What is required: Within the entries below, find the portion that opens with the line containing "c : F) : fps2" and closes with the line containing "Variable F : fieldType.". Retype that portion exactly and only.

· · ·

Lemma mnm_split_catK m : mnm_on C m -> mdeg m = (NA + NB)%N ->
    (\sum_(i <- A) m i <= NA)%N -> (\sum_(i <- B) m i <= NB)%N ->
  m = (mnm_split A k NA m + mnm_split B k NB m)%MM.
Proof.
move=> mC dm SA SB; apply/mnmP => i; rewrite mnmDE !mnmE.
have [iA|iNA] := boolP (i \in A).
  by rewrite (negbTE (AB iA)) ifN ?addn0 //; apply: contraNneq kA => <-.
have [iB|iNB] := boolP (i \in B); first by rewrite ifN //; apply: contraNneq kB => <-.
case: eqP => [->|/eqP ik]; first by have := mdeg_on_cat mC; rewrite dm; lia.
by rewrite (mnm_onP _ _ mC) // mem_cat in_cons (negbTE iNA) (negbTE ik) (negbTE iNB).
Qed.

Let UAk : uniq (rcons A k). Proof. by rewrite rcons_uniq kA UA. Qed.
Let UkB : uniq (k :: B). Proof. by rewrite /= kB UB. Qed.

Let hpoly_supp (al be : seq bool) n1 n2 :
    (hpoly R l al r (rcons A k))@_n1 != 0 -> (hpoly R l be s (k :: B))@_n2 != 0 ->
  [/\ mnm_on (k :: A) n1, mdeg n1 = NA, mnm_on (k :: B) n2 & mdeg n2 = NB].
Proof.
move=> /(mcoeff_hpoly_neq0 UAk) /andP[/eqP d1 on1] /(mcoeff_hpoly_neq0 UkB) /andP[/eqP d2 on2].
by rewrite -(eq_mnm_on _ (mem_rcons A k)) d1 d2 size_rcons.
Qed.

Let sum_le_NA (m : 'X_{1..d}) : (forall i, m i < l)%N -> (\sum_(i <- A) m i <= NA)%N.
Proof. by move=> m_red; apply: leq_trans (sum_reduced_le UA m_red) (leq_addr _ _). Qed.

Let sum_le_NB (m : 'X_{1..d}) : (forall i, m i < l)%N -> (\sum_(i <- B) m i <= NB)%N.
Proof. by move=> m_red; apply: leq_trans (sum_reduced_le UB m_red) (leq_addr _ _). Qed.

· · ·

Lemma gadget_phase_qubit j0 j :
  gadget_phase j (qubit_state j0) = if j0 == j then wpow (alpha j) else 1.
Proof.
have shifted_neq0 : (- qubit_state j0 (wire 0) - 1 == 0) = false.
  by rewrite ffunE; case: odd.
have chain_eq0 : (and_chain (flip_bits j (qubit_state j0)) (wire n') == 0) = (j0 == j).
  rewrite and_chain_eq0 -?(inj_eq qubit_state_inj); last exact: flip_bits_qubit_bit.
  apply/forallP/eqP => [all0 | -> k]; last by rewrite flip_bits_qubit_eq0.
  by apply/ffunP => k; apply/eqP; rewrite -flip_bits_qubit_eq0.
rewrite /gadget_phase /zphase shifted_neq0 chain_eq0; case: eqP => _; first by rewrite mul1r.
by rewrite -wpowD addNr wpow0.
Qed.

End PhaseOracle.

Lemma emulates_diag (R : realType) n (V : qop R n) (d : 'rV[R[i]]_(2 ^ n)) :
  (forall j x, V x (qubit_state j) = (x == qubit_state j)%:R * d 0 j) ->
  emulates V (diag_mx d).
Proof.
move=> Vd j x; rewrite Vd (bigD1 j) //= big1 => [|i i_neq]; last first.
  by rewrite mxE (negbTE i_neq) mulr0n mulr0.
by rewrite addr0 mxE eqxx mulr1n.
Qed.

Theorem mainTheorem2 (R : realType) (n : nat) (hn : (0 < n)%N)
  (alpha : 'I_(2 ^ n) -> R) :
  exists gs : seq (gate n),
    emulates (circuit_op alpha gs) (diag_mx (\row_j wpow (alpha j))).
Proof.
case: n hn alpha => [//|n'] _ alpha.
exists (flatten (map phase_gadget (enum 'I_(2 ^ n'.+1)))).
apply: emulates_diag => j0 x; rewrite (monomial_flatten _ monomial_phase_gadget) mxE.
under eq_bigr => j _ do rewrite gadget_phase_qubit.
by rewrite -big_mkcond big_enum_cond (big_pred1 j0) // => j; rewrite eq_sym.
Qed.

· · ·

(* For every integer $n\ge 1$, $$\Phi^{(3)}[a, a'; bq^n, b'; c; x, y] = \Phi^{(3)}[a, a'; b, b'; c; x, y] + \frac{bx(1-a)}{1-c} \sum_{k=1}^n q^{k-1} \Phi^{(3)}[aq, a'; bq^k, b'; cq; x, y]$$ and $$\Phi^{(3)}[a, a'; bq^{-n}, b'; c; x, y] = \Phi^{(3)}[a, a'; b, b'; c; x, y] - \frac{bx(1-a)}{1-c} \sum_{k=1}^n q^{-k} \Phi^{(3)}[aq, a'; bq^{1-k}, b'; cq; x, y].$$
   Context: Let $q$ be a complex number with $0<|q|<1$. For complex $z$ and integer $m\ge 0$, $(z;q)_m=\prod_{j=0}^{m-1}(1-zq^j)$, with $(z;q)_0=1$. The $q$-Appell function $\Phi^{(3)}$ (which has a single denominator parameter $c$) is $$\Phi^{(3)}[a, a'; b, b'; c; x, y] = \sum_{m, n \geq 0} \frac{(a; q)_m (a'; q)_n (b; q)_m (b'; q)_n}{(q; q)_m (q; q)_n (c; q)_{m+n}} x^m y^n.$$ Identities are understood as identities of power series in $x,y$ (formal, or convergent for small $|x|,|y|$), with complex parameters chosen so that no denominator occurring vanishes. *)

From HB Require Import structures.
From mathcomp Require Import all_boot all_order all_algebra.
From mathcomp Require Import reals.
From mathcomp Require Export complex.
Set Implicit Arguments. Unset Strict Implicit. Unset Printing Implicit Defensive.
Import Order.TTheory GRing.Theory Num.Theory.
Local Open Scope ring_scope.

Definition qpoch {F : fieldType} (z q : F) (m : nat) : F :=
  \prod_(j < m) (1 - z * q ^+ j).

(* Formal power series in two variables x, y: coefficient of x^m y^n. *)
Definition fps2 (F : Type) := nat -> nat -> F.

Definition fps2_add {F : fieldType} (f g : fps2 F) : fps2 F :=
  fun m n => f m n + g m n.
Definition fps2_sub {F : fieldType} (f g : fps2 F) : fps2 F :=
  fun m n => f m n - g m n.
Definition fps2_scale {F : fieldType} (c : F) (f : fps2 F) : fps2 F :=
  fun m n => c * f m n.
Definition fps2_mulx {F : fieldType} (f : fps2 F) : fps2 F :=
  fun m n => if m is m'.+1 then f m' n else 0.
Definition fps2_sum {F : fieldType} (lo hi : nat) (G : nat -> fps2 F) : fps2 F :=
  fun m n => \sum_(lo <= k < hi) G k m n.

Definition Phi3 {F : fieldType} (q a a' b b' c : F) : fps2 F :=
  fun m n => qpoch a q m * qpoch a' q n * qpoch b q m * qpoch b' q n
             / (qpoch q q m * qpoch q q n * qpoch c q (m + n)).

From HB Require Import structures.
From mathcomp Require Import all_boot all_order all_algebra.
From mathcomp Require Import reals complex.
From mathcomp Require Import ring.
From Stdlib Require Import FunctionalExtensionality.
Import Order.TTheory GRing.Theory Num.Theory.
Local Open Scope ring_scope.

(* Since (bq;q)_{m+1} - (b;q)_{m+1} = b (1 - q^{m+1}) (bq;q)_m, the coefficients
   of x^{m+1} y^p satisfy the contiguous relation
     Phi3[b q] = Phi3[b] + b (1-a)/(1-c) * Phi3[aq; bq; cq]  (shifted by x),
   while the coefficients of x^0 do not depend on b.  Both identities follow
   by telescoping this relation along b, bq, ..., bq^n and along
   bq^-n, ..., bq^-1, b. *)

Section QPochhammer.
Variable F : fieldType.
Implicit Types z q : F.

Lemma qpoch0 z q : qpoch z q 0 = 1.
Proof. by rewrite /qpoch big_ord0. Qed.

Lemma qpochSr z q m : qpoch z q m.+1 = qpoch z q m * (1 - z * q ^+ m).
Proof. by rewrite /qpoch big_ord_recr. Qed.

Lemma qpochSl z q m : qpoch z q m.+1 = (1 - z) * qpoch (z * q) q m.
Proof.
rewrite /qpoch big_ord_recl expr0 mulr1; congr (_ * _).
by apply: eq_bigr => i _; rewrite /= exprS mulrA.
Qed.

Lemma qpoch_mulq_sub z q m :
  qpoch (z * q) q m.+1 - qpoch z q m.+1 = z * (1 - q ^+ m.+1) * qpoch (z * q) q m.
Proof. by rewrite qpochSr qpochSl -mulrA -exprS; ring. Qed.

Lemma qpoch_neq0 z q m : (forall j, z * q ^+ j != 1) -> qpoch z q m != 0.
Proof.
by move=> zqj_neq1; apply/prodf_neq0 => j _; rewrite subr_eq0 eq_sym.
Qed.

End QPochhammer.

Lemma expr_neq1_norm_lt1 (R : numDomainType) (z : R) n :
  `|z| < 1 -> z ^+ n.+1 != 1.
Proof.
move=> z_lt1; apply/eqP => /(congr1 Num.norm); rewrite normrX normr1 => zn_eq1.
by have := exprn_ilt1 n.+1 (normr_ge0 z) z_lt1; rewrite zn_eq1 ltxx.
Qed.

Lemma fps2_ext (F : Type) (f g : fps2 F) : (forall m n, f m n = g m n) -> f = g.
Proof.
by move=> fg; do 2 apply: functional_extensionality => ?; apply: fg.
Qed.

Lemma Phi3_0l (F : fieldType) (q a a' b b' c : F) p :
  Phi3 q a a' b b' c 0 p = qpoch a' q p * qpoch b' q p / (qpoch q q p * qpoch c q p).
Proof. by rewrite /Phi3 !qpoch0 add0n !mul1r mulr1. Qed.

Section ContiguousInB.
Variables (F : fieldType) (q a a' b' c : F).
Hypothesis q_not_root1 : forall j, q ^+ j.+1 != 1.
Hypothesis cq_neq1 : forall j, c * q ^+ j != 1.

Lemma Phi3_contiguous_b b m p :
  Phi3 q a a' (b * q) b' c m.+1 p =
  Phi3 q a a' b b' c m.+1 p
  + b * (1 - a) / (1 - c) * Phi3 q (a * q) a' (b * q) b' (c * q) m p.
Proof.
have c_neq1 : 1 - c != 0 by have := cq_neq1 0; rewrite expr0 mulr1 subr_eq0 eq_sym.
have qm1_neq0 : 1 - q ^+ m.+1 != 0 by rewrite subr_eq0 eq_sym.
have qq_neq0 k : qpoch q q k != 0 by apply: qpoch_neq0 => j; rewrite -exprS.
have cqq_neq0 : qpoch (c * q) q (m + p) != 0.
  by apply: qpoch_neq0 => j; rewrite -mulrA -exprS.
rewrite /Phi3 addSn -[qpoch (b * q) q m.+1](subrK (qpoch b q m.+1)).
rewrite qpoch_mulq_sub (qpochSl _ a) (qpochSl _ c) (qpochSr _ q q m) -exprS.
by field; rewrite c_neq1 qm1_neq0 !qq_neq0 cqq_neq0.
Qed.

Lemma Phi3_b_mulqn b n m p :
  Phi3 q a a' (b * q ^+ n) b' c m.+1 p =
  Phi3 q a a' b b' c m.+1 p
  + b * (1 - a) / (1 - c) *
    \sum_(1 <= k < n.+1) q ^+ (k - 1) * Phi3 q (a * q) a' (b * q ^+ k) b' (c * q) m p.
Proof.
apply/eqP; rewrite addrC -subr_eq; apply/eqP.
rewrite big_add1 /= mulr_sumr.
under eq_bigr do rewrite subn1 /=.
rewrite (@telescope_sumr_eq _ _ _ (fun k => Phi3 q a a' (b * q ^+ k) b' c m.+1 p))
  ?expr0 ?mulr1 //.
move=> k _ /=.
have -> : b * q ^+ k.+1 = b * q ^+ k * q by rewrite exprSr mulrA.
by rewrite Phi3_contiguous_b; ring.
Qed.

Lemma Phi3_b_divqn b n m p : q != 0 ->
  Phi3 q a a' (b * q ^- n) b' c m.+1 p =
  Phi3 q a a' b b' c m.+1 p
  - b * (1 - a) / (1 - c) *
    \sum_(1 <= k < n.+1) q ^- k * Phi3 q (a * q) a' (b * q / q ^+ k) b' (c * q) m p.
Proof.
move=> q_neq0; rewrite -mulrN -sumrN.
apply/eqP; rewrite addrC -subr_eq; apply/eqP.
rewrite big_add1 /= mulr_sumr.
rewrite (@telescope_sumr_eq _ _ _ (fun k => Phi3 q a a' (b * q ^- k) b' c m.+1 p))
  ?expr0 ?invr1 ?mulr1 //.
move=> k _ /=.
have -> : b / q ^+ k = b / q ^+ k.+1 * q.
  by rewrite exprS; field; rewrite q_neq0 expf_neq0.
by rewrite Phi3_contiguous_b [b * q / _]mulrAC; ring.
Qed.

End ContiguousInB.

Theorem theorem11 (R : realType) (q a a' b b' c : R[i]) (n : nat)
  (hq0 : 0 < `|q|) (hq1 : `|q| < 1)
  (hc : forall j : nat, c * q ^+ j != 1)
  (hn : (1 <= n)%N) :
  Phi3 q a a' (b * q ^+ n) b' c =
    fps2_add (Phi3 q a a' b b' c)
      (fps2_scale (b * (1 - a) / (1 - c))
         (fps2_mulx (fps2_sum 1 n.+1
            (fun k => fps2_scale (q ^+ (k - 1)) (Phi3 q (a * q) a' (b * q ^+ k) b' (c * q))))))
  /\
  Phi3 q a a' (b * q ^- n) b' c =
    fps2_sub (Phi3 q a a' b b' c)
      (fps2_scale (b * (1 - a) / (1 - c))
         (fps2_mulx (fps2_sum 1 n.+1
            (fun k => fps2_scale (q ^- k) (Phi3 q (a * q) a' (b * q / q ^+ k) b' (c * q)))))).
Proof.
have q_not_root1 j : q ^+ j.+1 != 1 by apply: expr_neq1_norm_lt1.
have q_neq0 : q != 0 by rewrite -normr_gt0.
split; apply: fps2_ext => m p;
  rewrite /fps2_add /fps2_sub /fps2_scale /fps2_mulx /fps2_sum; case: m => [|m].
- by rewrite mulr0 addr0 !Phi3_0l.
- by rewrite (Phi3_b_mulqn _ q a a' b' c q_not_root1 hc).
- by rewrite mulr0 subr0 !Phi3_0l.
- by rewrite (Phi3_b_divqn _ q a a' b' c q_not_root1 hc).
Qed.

· · ·

Written reply:
Definition Phi3 {F : fieldType} (q a a' b b' c : F) : fps2 F :=
  fun m n => qpoch a q m * qpoch a' q n * qpoch b q m * qpoch b' q n
             / (qpoch q q m * qpoch q q n * qpoch c q (m + n)).

From HB Require Import structures.
From mathcomp Require Import all_boot all_order all_algebra.
From mathcomp Require Import reals complex.
From mathcomp Require Import ring.
From Stdlib Require Import FunctionalExtensionality.
Import Order.TTheory GRing.Theory Num.Theory.
Local Open Scope ring_scope.

(* Since (bq;q)_{m+1} - (b;q)_{m+1} = b (1 - q^{m+1}) (bq;q)_m, the coefficients
   of x^{m+1} y^p satisfy the contiguous relation
     Phi3[b q] = Phi3[b] + b (1-a)/(1-c) * Phi3[aq; bq; cq]  (shifted by x),
   while the coefficients of x^0 do not depend on b.  Both identities follow
   by telescoping this relation along b, bq, ..., bq^n and along
   bq^-n, ..., bq^-1, b. *)

Section QPochhammer.
Variable F : fieldType.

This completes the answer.